[Extracted records]
──────

(* Every path from [z] to [b] starts [z -> xi] with [xi] a non-collider. *)
Lemma msep_add_dir_sink b : b != xi -> b != z -> msep G z b [set xi].
Proof.
move=> bxi bz [|u s] /and3P[hp /eqP hl hu].
  by move: hl bz => /= <-; rewrite eqxx.
move: hp => /= /andP[/adj_add_dir_sink eu hp]; subst u.
case: s hp hl hu => [|w s] hp hl hu; first by move: bxi; rewrite -hl /= eqxx.
have h1 : 1 < size [:: xi, w & s] by [].
apply/existsP; exists (Ordinal h1) => //=.
by rewrite /blocked_at /collider (negbTE no_arrow_add_dir_sink) /= finset.in_set1 eqxx.
Qed.

Lemma is_MAG_add_dir : is_MAG [set: I] G.
Proof.
case: (mag1) => [[_ _ hsym1 hirr1 hanti1] hacy1 halm1 hmax1].
split; first split.
- by move=> a b _; rewrite !finset.in_setT.
- by move=> a b _; rewrite !finset.in_setT.
- exact: bi_add_dir_sym.
- move=> a /=; case/andP: (hirr1 a) => /negbTE -> ->; rewrite andbT /=.
  by apply/negP => /andP[/eqP ea /eqP eb]; move: hxiz; rewrite -ea eb eqxx.
- move=> a b /=; case: (boolP (dir G1 a b)) => h /=.
    have /andP[az _] := dir1z h.
    by rewrite (negbTE az) andbF orbF; move: (hanti1 a b); rewrite h.
  case: (boolP ((a == xi) && (b == z))) => //= /andP[/eqP -> /eqP ->].
  by rewrite dir1_from_z bi1_z [z == xi]eq_sym (negbTE hxiz).
- exact: add_dir_acyclic.
- move=> a b /= h; have /andP[bz az] := bi1z h.
  by apply: contra (halm1 a b h); apply: desc_add_dir.
move=> a b _ _ hne hna.
have zW : z \notin [set xi] by rewrite finset.in_set1 eq_sym.
have sT : [set xi] \subset [set: I] by apply/fintype.subsetP => t _; rewrite finset.in_setT.
have [ea|az] := eqVneq a z; first subst a.
  have bxi : b != xi by apply: contraNneq hna => ->; rewrite /adj dir_add_dir_sink orbT.
  exists [set xi]; split => //; first by rewrite finset.in_set1.
  by apply: msep_add_dir_sink; rewrite // eq_sym.
have [eb|bz] := eqVneq b z; first subst b.
  have axi : a != xi by apply: contraNneq hna => ->; rewrite /adj dir_add_dir_sink.
  exists [set xi]; split => //; first by rewrite finset.in_set1.
  by apply: msep_sym (msep_add_dir_sink axi az); apply: bi_add_dir_sym.
have hna1 : ~~ adj G1 a b.
  by apply: contra hna; rewrite -{1}del_node_add_dir adj_del_node => /andP[].
have [W [hW haW hbW hm]] := hmax1 a b (etrans (in_setTD1 z a) az)
  (etrans (in_setTD1 z b) bz) hne hna1.
exists W; split => //.
have hzW : z \notin W by move: hW; rewrite subsetD1 => /andP[].
apply: (msep_of_del_node bi_add_dir_sym adj_add_dir_sink antiparallel_sink) => //.
by rewrite del_node_add_dir.
Qed.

──────

TASK REQUIREMENTS: Please reproduce each entry exactly as it appears.

ANSWER SPACE:
(* Every path from [z] to [b] starts [z -> xi] with [xi] a non-collider. *)
Lemma msep_add_dir_sink b : b != xi -> b != z -> msep G z b [set xi].
Proof.
move=> bxi bz [|u s] /and3P[hp /eqP hl hu].
  by move: hl bz => /= <-; rewrite eqxx.
move: hp => /= /andP[/adj_add_dir_sink eu hp]; subst u.
case: s hp hl hu => [|w s] hp hl hu; first by move: bxi; rewrite -hl /= eqxx.
have h1 : 1 < size [:: xi, w & s] by [].
apply/existsP; exists (Ordinal h1) => //=.
by rewrite /blocked_at /collider (negbTE no_arrow_add_dir_sink) /= finset.in_set1 eqxx.
Qed.

Lemma is_MAG_add_dir : is_MAG [set: I] G.
Proof.
case: (mag1) => [[_ _ hsym1 hirr1 hanti1] hacy1 halm1 hmax1].
split; first split.
- by move=> a b _; rewrite !finset.in_setT.
- by move=> a b _; rewrite !finset.in_setT.
- exact: bi_add_dir_sym.
- move=> a /=; case/andP: (hirr1 a) => /negbTE -> ->; rewrite andbT /=.
  by apply/negP => /andP[/eqP ea /eqP eb]; move: hxiz; rewrite -ea eb eqxx.
- move=> a b /=; case: (boolP (dir G1 a b)) => h /=.
    have /andP[az _] := dir1z h.
    by rewrite (negbTE az) andbF orbF; move: (hanti1 a b); rewrite h.
  case: (boolP ((a == xi) && (b == z))) => //= /andP[/eqP -> /eqP ->].
  by rewrite dir1_from_z bi1_z [z == xi]eq_sym (negbTE hxiz).
- exact: add_dir_acyclic.
- move=> a b /= h; have /andP[bz az] := bi1z h.
  by apply: contra (halm1 a b h); apply: desc_add_dir.
move=> a b _ _ hne hna.
have zW : z \notin [set xi] by rewrite finset.in_set1 eq_sym.
have sT : [set xi] \subset [set: I] by apply/fintype.subsetP => t _; rewrite finset.in_setT.
have [ea|az] := eqVneq a z; first subst a.
  have bxi : b != xi by apply: contraNneq hna => ->; rewrite /adj dir_add_dir_sink orbT.
  exists [set xi]; split => //; first by rewrite finset.in_set1.
  by apply: msep_add_dir_sink; rewrite // eq_sym.
have [eb|bz] := eqVneq b z; first subst b.
  have axi : a != xi by apply: contraNneq hna => ->; rewrite /adj dir_add_dir_sink.
  exists [set xi]; split => //; first by rewrite finset.in_set1.
  by apply: msep_sym (msep_add_dir_sink axi az); apply: bi_add_dir_sym.
have hna1 : ~~ adj G1 a b.
  by apply: contra hna; rewrite -{1}del_node_add_dir adj_del_node => /andP[].
have [W [hW haW hbW hm]] := hmax1 a b (etrans (in_setTD1 z a) az)
  (etrans (in_setTD1 z b) bz) hne hna1.
exists W; split => //.
have hzW : z \notin W by move: hW; rewrite subsetD1 => /andP[].
apply: (msep_of_del_node bi_add_dir_sym adj_add_dir_sink antiparallel_sink) => //.
by rewrite del_node_add_dir.
Qed.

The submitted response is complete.